Richard Match


 
 

In this image: Newspaper photo of smiling white man, age forties, with glasses and dark suit and tie, in a manual wheelchair.

Newspaper photo of smiling white man, age forties, with glasses and dark suit and tie, in a manual wheelchair.

I don’t know that anyone would have picked out Richard Match as the man to get the New York City Disability Rights Movement started. Certainly there was little in his background that augered in that direction. What’s more, his activism is barely remembered by anyone, including his immediate family; few members of the disability community even know his name. Nonetheless I am convinced that, as much as anyone, this is the man who invented the New York City Disability Rights Movement.

Richard Albert Match was born in 1920 and grew up in Brooklyn. At the age of fifteen he broke his neck in a swimming accident and emerged an incomplete quadriplegic, unable to stand or walk. Undaunted, Richard graduated high school at age 18 with an almost perfect academic record, in a private ceremony held in the family home. The unusual event was reported in an eight paragraph piece in the New York Times. The article proved to be the start of a unique life-long relationship between the young Match and that august newspaper.

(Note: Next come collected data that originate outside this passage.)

(* Let $n=2^uv$ with $v$ odd and $u\ge 0$. Suppose $(\varepsilon,\beta,\gamma;(12))\in\mathrm{Par}(n)$, where every cycle of $\beta$ has length divisible by $2^u$. Then: <ul> <li>(i) the number of cycles of odd length of $\beta$ is at least the number of cycles of odd length of $\gamma$;</li> <li>(ii) if $u\ge1$, then $\gamma$ has no cycles of odd length.</li> </ul> Fixed points count as cycles of length $1$.
   Context: A Latin square of order $n$ is an $n\times n$ array with rows, columns and symbols indexed by $[n]$, each symbol occurring once in each row and each column, with triple set $O(L)$. Permutations act on the right; $\varepsilon$ is the identity. A paratopism $(\alpha,\beta,\gamma;(12))$ maps $L$ to $L^\sigma$ with triple set $\{(y\beta,x\alpha,z\gamma):(x,y,z)\in O(L)\}$; it is an autoparatopism of $L$ if $L^\sigma=L$. $\mathrm{Par}(n)$ is the set of paratopisms that are autoparatopisms of at least one Latin square of order $n$. *)

From mathcomp Require Import all_boot all_fingroup.
Set Implicit Arguments. Unset Strict Implicit. Unset Printing Implicit Defensive.

(* Rows, columns and symbols are indexed by 'I_n (i.e. {0,...,n-1} ~ [n]).
   A Latin square is given by its entry function L x y = symbol in cell (x,y). *)
Definition is_latin (n : nat) (L : 'I_n -> 'I_n -> 'I_n) : Prop :=
  (forall x : 'I_n, injective (L x)) /\ (forall y : 'I_n, injective (fun x => L x y)).

Definition triples (n : nat) (L : 'I_n -> 'I_n -> 'I_n) : {set 'I_n * 'I_n * 'I_n} :=
  [set t : 'I_n * 'I_n * 'I_n | t.2 == L t.1.1 t.1.2].

(* Triple set of L^sigma for sigma = (alpha,beta,gamma;(12)):
   {(y beta, x alpha, z gamma) : (x,y,z) in O(L)}; permutations act on the
   right, so "x alpha" is the application alpha x. *)
Definition paratopism12_image (n : nat) (alpha beta gamma : {perm 'I_n})
    (L : 'I_n -> 'I_n -> 'I_n) : {set 'I_n * 'I_n * 'I_n} :=
  [set (beta t.1.2, alpha t.1.1, gamma t.2) | t in triples L].

Definition is_autoparatopism12 (n : nat) (alpha beta gamma : {perm 'I_n})
    (L : 'I_n -> 'I_n -> 'I_n) : Prop :=
  paratopism12_image alpha beta gamma L = triples L.

Definition in_Par12 (n : nat) (alpha beta gamma : {perm 'I_n}) : Prop :=
  exists L : 'I_n -> 'I_n -> 'I_n, is_latin L /\ is_autoparatopism12 alpha beta gamma L.

Definition n_odd_cycles (n : nat) (s : {perm 'I_n}) : nat :=
  #|[set c in porbits s | odd #|c|]|.

From mathcomp Require Import all_boot all_fingroup.
Set Implicit Arguments. Unset Strict Implicit. Unset Printing Implicit Defensive.

(* With alpha the identity, the autoparatopism says L (beta b, a) = gamma (L (a, b)):
   the cell permutation twist (a, b) = (beta b, a) carries the symbol of a cell to its
   gamma-image, and twist^2 = beta x beta.  Fix a symbol z on a gamma-cycle of length m.
   Twist^m permutes the n cells holding z, hence induces a permutation of the rows.  A
   cell returning to itself after an odd number j of twists has the form (a, beta^(j/2) a)
   with beta^j a = a; after an even number j, beta^(j/2) a = a.
   (ii) If m is odd and 2^u (u >= 1) divides every beta-cycle length, the 2-adic
   bookkeeping forces every row cycle to have length divisible by 2^(u+1), so 2^(u+1)
   divides n.
   (i) For u >= 1 this follows from (ii); for u = 0, n is odd, so some row cycle has odd length r, so the cell is fixed by an odd power
   twist^(mr); its row lies on an odd beta-cycle D, and z lies on the gamma-cycle of the
   "middle" cell (a, beta^((|D|-1)/2) a) of D, which does not depend on a in D.  So odd
   gamma-cycles are images of odd beta-cycles. *)

Section PermCycles.

Variables (T : finType) (s : {perm T}).

Lemma iter_porbit_mod x j : iter (j %% #|porbit s x|) s x = iter j s x.
Proof.
rewrite [in RHS](divn_eq j #|porbit s x|) addnC iterD.
by congr iter; elim: (j %/ _) => //= q IHq; rewrite mulSn iterD -IHq iter_porbit.
Qed.

Lemma card_porbit_dvdn x j : iter j s x = x -> #|porbit s x| %| j.
Proof.
rewrite -iter_porbit_mod => fix_x.
have c_gt0 : 0 < #|porbit s x| by rewrite lt0n card_porbit_neq0.
have := nth_uniq x (i := j %% #|porbit s x|) (j := 0) _ _ (uniq_traject_porbit s x).
rewrite size_traject ltn_pmod // c_gt0 !nth_traject ?ltn_pmod //= fix_x eqxx.
by move=> /(_ isT isT) /esym.
Qed.

Lemma dvdn_card_porbits d : (forall x, d %| #|porbit s x|) -> d %| #|T|.
Proof.
move=> d_dvd; have acts_s : [acts <[s]>%g, on [set: T] | 'P].
  by apply/actsP => a _ y; rewrite !inE.
rewrite -cardsT (card_partition (orbit_partition acts_s)).
by apply: dvdn_sum => _ /imsetP[y _ ->]; rewrite -porbitE.
Qed.

Lemma odd_card_porbit : odd #|T| -> exists x, odd #|porbit s x|.
Proof.
move=> odd_T; case: (pickP (fun x => odd #|porbit s x|)) => [x odd_x | even]; first by exists x.
suff : 2 %| #|T| by rewrite dvdn2 odd_T.
by apply: dvdn_card_porbits => x; rewrite dvdn2 even.
Qed.

End PermCycles.

Lemma half_odd_mul q c : odd q -> (q * c)./2 = q./2 * c + c./2.
Proof.
move=> odd_q; rewrite -{1}[q]odd_double_half odd_q add1n mulSn -mul2n -mulnA mul2n.
by rewrite halfD odd_double andbF add0n doubleK addnC.
Qed.

Lemma autoparatopism12_1E n (beta gamma : {perm 'I_n}) L :
  is_autoparatopism12 1 beta gamma L -> forall a b, L (beta b) a = gamma (L a b).
Proof.
move=> autL a b; have : (beta b, a, gamma (L a b)) \in triples L.
  rewrite -autL; apply/imsetP; exists (a, b, L a b); first by rewrite inE.
  by rewrite /= perm1.
by rewrite inE => /eqP.
Qed.

Section Autoparatopism.

Variables (X : finType) (beta gamma : {perm X}) (L : X -> X -> X).
Hypothesis L_row_inj : forall a, injective (L a).
Hypothesis L_twist : forall a b, L (beta b) a = gamma (L a b).

Definition twist (p : X * X) : X * X := (beta p.2, p.1).

Lemma L_iter_twist j p :
  L (iter j twist p).1 (iter j twist p).2 = iter j gamma (L p.1 p.2).
Proof. by elim: j => //= j <-; rewrite L_twist. Qed.

Lemma iter_twist_double k a b :
  iter k.*2 twist (a, b) = (iter k beta a, iter k beta b).
Proof. by elim: k => // k IHk; rewrite doubleS /= IHk. Qed.

Lemma twist_inj : injective twist.
Proof. by move=> [a b] [c d] [/perm_inj -> ->]. Qed.

Lemma iter_twist_inj j : injective (iter j twist).
Proof. by elim: j => // j IHj p q /= /twist_inj /IHj. Qed.

Lemma iter_twist_odd_fixed j a b : odd j -> iter j twist (a, b) = (a, b) ->
  b = iter j./2 beta a /\ iter j beta a = a.
Proof.
move=> odd_j; rewrite -[in iter j _ _](odd_double_half j) odd_j add1n /=.
rewrite iter_twist_double => -[fix_a fix_b]; split; first by rewrite fix_b.
by rewrite -[j]odd_double_half odd_j add1n -addnn -addSn iterD fix_b.
Qed.

Lemma iter_twist_even_fixed j a b : ~~ odd j -> iter j twist (a, b) = (a, b) ->
  iter j./2 beta a = a.
Proof.
move=> even_j; rewrite -[in iter j _ _](odd_double_half j) (negbTE even_j) add0n.
by rewrite iter_twist_double => -[].
Qed.

Section SymbolCells.

Variables (z : X) (m : nat).
Hypothesis gamma_m_z : iter m gamma z = z.

Definition col_of (a : X) : X := invF (@L_row_inj a) z.

Lemma L_col_of a : L a (col_of a) = z.
Proof. exact: f_invF. Qed.

Definition next_row (a : X) : X := (iter m twist (a, col_of a)).1.

Lemma iter_twist_col_of a : iter m twist (a, col_of a) = (next_row a, col_of (next_row a)).
Proof.
have := L_iter_twist m (a, col_of a); rewrite /= L_col_of gamma_m_z /next_row.
case: (iter m twist _) => b c /= Lbc; congr pair.
by apply: (@L_row_inj b); rewrite L_col_of.
Qed.

Lemma next_row_inj : injective next_row.
Proof.
move=> a a' eq_next; have := iter_twist_col_of a.
by rewrite eq_next -(iter_twist_col_of a') => /iter_twist_inj [].
Qed.

Definition row_perm : {perm X} := perm next_row_inj.

Lemma iter_twist_row_perm k a :
  iter (m * k) twist (a, col_of a) = (iter k row_perm a, col_of (iter k row_perm a)).
Proof.
elim: k => [|k IHk]; first by rewrite muln0.
by rewrite mulnS iterD IHk iter_twist_col_of /= permE.
Qed.

Lemma twist_cycle_col_of a :
  iter (m * #|porbit row_perm a|) twist (a, col_of a) = (a, col_of a).
Proof. by rewrite iter_twist_row_perm iter_porbit. Qed.

End SymbolCells.

Lemma pow2_dvdn_card_of_odd_cycle u z :
  0 < u -> (forall a, 2 ^ u %| #|porbit beta a|) -> odd #|porbit gamma z| ->
  2 ^ u.+1 %| #|X|.
Proof.
move=> u_gt0 beta_dvd odd_m; set m := #|porbit gamma z| in odd_m.
have gamma_m_z : iter m gamma z = z by exact: iter_porbit.
apply: (dvdn_card_porbits (s := row_perm gamma_m_z)) => a.
have fix_cell := twist_cycle_col_of gamma_m_z a.
set r := #|porbit _ a| in fix_cell *.
have [odd_j | even_j] := boolP (odd (m * r)).
  have [_ /card_porbit_dvdn] := iter_twist_odd_fixed odd_j fix_cell.
  move=> /(dvdn_trans (beta_dvd a)) /(dvdn_trans (dvdn_exp2l 2 u_gt0)).
  by rewrite dvdn2 odd_j.
have /card_porbit_dvdn := iter_twist_even_fixed even_j fix_cell.
move=> /(dvdn_trans (beta_dvd a)) half_dvd.
have : 2 ^ u.+1 %| m * r.
  by rewrite -[m * r]odd_double_half (negbTE even_j) add0n -muln2 expnSr dvdn_mul.
by rewrite Gauss_dvdr // coprimeXl // coprime2n.
Qed.

Definition mid_cycle (a : X) : {set X} :=
  porbit gamma (L a (iter #|porbit beta a|./2 beta a)).

Lemma mid_cycle_iter i a : mid_cycle (iter i beta a) = mid_cycle a.
Proof.
rewrite /mid_cycle -[in porbit beta _]permX porbit_perm.
rewrite -iterD addnC iterD.
have := L_iter_twist i.*2 (a, iter #|porbit beta a|./2 beta a).
by rewrite iter_twist_double /= => ->; rewrite -permX porbit_perm.
Qed.

Lemma odd_cycle_is_mid_cycle z : odd #|X| -> odd #|porbit gamma z| ->
  exists2 a, odd #|porbit beta a| & mid_cycle a = porbit gamma z.
Proof.
move=> odd_X odd_m; set m := #|porbit gamma z| in odd_m.
have gamma_m_z : iter m gamma z = z by exact: iter_porbit.
have [a odd_r] := odd_card_porbit (row_perm gamma_m_z) odd_X.
have odd_j : odd (m * #|porbit (row_perm gamma_m_z) a|) by rewrite oddM odd_m.
have [col_a fix_a] := iter_twist_odd_fixed odd_j (twist_cycle_col_of gamma_m_z a).
have /dvdnP[q j_eq] := card_porbit_dvdn fix_a.
move: odd_j col_a; rewrite j_eq oddM => /andP[odd_q odd_c] col_a.
exists a => //.
have mid_a : iter #|porbit beta a|./2 beta a = col_of z a.
  by rewrite col_a -[RHS]iter_porbit_mod half_odd_mul // modnMDl iter_porbit_mod.
by rewrite /mid_cycle mid_a L_col_of.
Qed.

Lemma card_odd_porbits_le : odd #|X| ->
  #|[set c in porbits gamma | odd #|c|]| <= #|[set c in porbits beta | odd #|c|]|.
Proof.
move=> odd_X.
pose F (D : {set X}) := if [pick a in D] is Some a then mid_cycle a else set0.
apply: leq_trans (leq_imset_card F _); apply: subset_leq_card.
apply/subsetP => C; rewrite inE => /andP[/imsetP[z _ ->] odd_m].
have [a odd_c mid_a] := odd_cycle_is_mid_cycle odd_X odd_m.
apply/imsetP; exists (porbit beta a); first by rewrite inE imset_f.
rewrite /F; case: pickP => [b /porbitP[i ->] | no_pick].
  by rewrite permX mid_cycle_iter.
by have := no_pick a; rewrite porbit_id.
Qed.

End Autoparatopism.

Theorem theorem4p6 (n u v : nat) (beta gamma : {perm 'I_n}) :
  odd v -> n = 2 ^ u * v ->
  in_Par12 1 beta gamma ->
  (forall c, c \in porbits beta -> 2 ^ u %| #|c|) ->
  n_odd_cycles gamma <= n_odd_cycles beta /\
  (1 <= u -> forall c, c \in porbits gamma -> ~~ odd #|c|).
Proof.
move=> odd_v n_eq [L [[L_row_inj _] autL]] beta_dvd.
have L_twist := autoparatopism12_1E autL.
have beta_dvd_porbit a : 2 ^ u %| #|porbit beta a| by apply/beta_dvd/imset_f.
have gamma_even : 0 < u -> forall c, c \in porbits gamma -> ~~ odd #|c|.
  move=> u_gt0 _ /imsetP[z _ ->]; apply/negP => odd_z.
  have := pow2_dvdn_card_of_odd_cycle L_row_inj L_twist u_gt0 beta_dvd_porbit odd_z.
  by rewrite card_ord n_eq expnS mulnC dvdn_pmul2l ?expn_gt0 // dvdn2 odd_v.
split=> //; case: u n_eq {beta_dvd beta_dvd_porbit} gamma_even => [|u] n_eq gamma_even.
  by apply: card_odd_porbits_le L_row_inj L_twist _; rewrite card_ord n_eq mul1n.
rewrite /n_odd_cycles (_ : [set c in porbits gamma | odd #|c|] = set0) ?cards0 //.
apply/setP => c; rewrite !inE.
by case: (boolP (c \in porbits gamma)) => // /(gamma_even isT) /negbTE.
Qed.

Richard became a writer. Over the next 25 years some 150 articles appeared in the Times, and a similar number can be found scattered across the pages of periodicals like Popular Science, Reader’s Digest, the New Republic, and the Herald Tribune. For the most part his pieces focused on reviews of historical novels, topics in popular science, and stories of action and derring-do in faraway times and exotic locales—armchair safari material, just the sort of thing you might expect from someone living a quiet, homebound life.

Richard never disclosed his disability in his writings. Not that he didn’t leave hints from time to time--he certainly reviewed more books with a disability angle than mere happenstance can account for--but it is fair to say that even though Match lived a creative life in the pages of newspapers and magazines, he was a rather private fellow.

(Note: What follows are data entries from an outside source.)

(* K[G] is 3-connected: it has at least 4 * 3 vertices, and after deleting at
   most two vertices every remaining vertex reaches a copy untouched by the
   deletion, and those copies are all connected to each other. *)
Lemma inflate_3conn : three_connected G -> three_connected K -> three_connected H.
Proof.
move=> h3G h3K; split.
  rewrite card_inflate; case: h3K => hK _; case: h3G => hG _.
  apply: (@leq_trans (4 * 3)) => //; apply: leq_mul => //.
  by rewrite -ltnS (ltn_predK hG).
move=> X hX a b ha hb.
have [a' ha' hca] := reach_free_copy h3G h3K hX ha.
have [b' hb' hcb] := reach_free_copy h3G h3K hX hb.
rewrite (sym_connect_sym (crel_sym X)) in hcb.
apply: connect_trans hca (connect_trans _ hcb).
by case: a' b' ha' hb' {hcb} => [x u] [y u']; exact: free_copies_connected.
Qed.

End Inflate.

Section Iterate.
Variables (G : mgraph) (w : vert G) (e0 : edge G) (hlG : loopless G) (hcG : cubic G)
  (h3G : three_connected G).

Fixpoint iterate_inflate (j : nat) : mgraph :=
  if j is j'.+1 then inflate w e0 hlG (iterate_inflate j') else G.

Lemma iterate_inflate_good (j : nat) :
  [/\ loopless (iterate_inflate j), cubic (iterate_inflate j) &
      three_connected (iterate_inflate j)].
Proof.
elim: j => [|j [l c t]] //=.
by split; [exact: inflate_loopless | exact: inflate_cubic | exact: inflate_3conn].
Qed.

Lemma iterate_inflate_card (j : nat) : j < #|vert (iterate_inflate j)|.
Proof.
have hG := h3G.1; elim: j => [|j IH] /=; first exact: leq_ltn_trans hG.
rewrite (card_inflate w e0 hlG).
have : 3 <= #|vert G|.-1 by rewrite -ltnS (ltn_predK hG).
move: (#|vert G|.-1) (#|vert (iterate_inflate j)|) IH => k a; nia.
Qed.

End Iterate.

Lemma bad_graph_blowup (G : mgraph) : loopless G -> cubic G -> three_connected G ->
  (forall c : edge G -> 'I_5, proper_coloring c -> 7 < #|abnormal_edges c|) ->
  forall n : nat, exists H : mgraph,
    [/\ loopless H, cubic H, three_connected H, n < #|vert H| &
        forall c : edge H -> 'I_5, proper_coloring c ->
          #|vert H| <= #|abnormal_edges c| * #|vert G|.-1].
Proof.
move=> hl hc h3 bad n.
have /card_gt0P [w _] : 0 < #|vert G| by apply: leq_ltn_trans h3.1.
have [e0 _] := cubic_edge_at w hc.
have [lK cK tK] := iterate_inflate_good w e0 hl hc h3 n.
exists (inflate w e0 hl (iterate_inflate w e0 hl n)); split.
- exact: inflate_loopless.
- exact: inflate_cubic.
- exact: inflate_3conn.
- exact: ltnW (iterate_inflate_card w e0 hl h3 n.+1).
- by move=> c pc; rewrite card_inflate leq_mul2r (inflate_abnormal hc lK cK bad pc) orbT.
Qed.
(* When the characteristic functions range over $V_2$, there exists an irrevocable (non-wasteful) distribution policy whose competitive ratio with respect to greedy players is $\alpha=1$.
   Context: Players: a finite set $N=\{a_1,\dots,a_n\}$. A characteristic function is $v:2^N\to\mathbb{R}_{\ge 0}$ with $v(\emptyset)=0$. There are fixed, known constants $0<\mathsf{min}\le\mathsf{max}$ and every $v$ considered is monotone and bounded: $\mathsf{min}\le v(S)\le v(T)\le\mathsf{max}$ for all nonempty $S\subseteq T\subseteq N$. $V_2$ denotes the set of such $v$ with $2\mathsf{min}\le\mathsf{max}<3\mathsf{min}$. A coalition structure is a partition $C$ of $N$; its social welfare is $\mathsf{SW}(C\mid v)=\sum_{S\in C}v(S)$. Online process: an arrival order is a permutation $\pi=(\pi_1,\dots,\pi_n)$ of $N$; player $\pi_t$ arrives at time $t$. For $S\subseteq N$, $\pi_{|S}$ denotes the players of $S$ in the relative order of $\pi$; $\pi_{|S}$ is a prefix of $\pi_{|T}$ if $S\subseteq T$ and the players of $S$ are the first $|S|$ players of $\pi_{|T}$. Let $C^{t-1}$ be the coalition structure of players arrived before time $t$ ($C^0=\emptyset$). At time $t$, player $\pi_t$ either joins an existing coalition $S\in C^{t-1}$ or forms $\{\pi_t\}$ (choice $S=\emptyset$); decisions are never revised. A distribution policy $\varphi$ assigns to every $S\subseteq N$ and order $\pi_{|S}$ a vector $(\varphi_i(S,\pi_{|S}\mid v))_{i\in S}$ with $\sum_{i\in S}\varphi_i(S,\pi_{|S})=v(S)$ (non-wasteful); it may depend on the whole function $v$. It is irrevocable if for every $\pi$, every $S\subseteq T\subseteq N$ with $\pi_{|S}$ a prefix of $\pi_{|T}$ and every $i\in S$, $\varphi_i(S,\pi_{|S})\le\varphi_i(T,\pi_{|T})$. Greedy players: $\pi_t$ chooses $S^*\in\arg\max_{S\in C^{t-1}\cup\{\emptyset\}}\varphi_{\pi_t}(S\cup\{\pi_t\},\pi_{|S\cup\{\pi_t\}})$ (predetermined tie-breaking). $C_g(v,\pi\mid\varphi)$ is the final structure. The competitive ratio over a class is $\alpha=\inf_{v,\pi}\mathsf{SW}(C_g(v,\pi\mid\varphi))/\max_C\mathsf{SW}(C\mid v)$, over $v$ in the class and all arrival orders $\pi$. *)

From HB Require Import structures.
From mathcomp Require Import all_boot all_order all_algebra.
Set Implicit Arguments. Unset Strict Implicit. Unset Printing Implicit Defensive.
Import Order.TTheory GRing.Theory Num.Theory.
Local Open Scope ring_scope.

Section Coalitions.
Variables (R : realFieldType) (T : finType).

Definition charfun := {set T} -> R.

Definition in_class (mn mx : R) (v : charfun) : Prop :=
  v set0 = 0 /\
  forall S S' : {set T}, S != set0 -> S \subset S' ->
    [/\ mn <= v S, v S <= v S' & v S' <= mx].

Definition arrival_order (pi : seq T) : Prop := perm_eq pi (enum T).

Definition restr (pi : seq T) (S : {set T}) : seq T := [seq x <- pi | x \in S].

(* a distribution policy: phi v s i is the payoff of player i in the
   coalition S (with order s = pi_{|S}) under characteristic function v *)
Definition policy := charfun -> seq T -> T -> R.

Definition non_wasteful (mn mx : R) (phi : policy) : Prop :=
  forall v, in_class mn mx v ->
  forall pi, arrival_order pi -> forall S : {set T},
    \sum_(i in S) phi v (restr pi S) i = v S.

Definition irrevocable (mn mx : R) (phi : policy) : Prop :=
  forall v, in_class mn mx v ->
  forall pi, arrival_order pi -> forall S S' : {set T},
    S \subset S' -> prefix (restr pi S) (restr pi S') ->
    forall i, i \in S -> phi v (restr pi S) i <= phi v (restr pi S') i.

(* a (predetermined) tie-breaking rule: given the arriving player and the
   list of options (existing coalitions, set0 = form a singleton) that
   maximise its payoff, choose one of them *)
Definition tiebreak := T -> seq {set T} -> {set T}.
Definition valid_tiebreak (tb : tiebreak) : Prop :=
  forall p (l : seq {set T}), l != [::] -> tb p l \in l.

Fixpoint greedy_aux (v : charfun) (phi : policy) (tb : tiebreak)
    (pi : seq T) (C : seq {set T}) (rest : seq T) : seq {set T} :=
  match rest with
  | [::] => C
  | p :: r =>
    let opts := set0 :: C in
    let sc := fun S : {set T} => phi v (restr pi (p |: S)) p in
    let best := [seq S <- opts | all (fun S' => sc S' <= sc S) opts] in
    let S := tb p best in
    let C' := if S == set0 then [set p] :: C
              else [seq (if X == S then p |: X else X) | X <- C] in
    greedy_aux v phi tb pi C' r
  end.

Nonetheless, it seems that life as a magazine writer eventually reached a dead end for him, and the upshot was a turn towards action instead of reflection. On Friday May 25, 1956, readers of the New York Times found, above the fold on page 5 of the late City edition, an eighth-of-a-page article with a photograph. The headline was “Portable Ramp for Library Aids the Disabled.” The gist was that a disabled freelance writer named Richard Match had persuaded the main branch of the New York Public Library to design and procure a portable ramp, so that wheelchair users could enter and make use of the library without having to make arrangements in advance. This was significant news--in those days such accommodations were at least extremely rare if not nonexistent, even for major public buildings in large cities. Ramping the library was something like an unprecedented accomplishment, and it meant that wheelchair users could now access one of the world’s great libraries whenever they wanted. Just like anyone else.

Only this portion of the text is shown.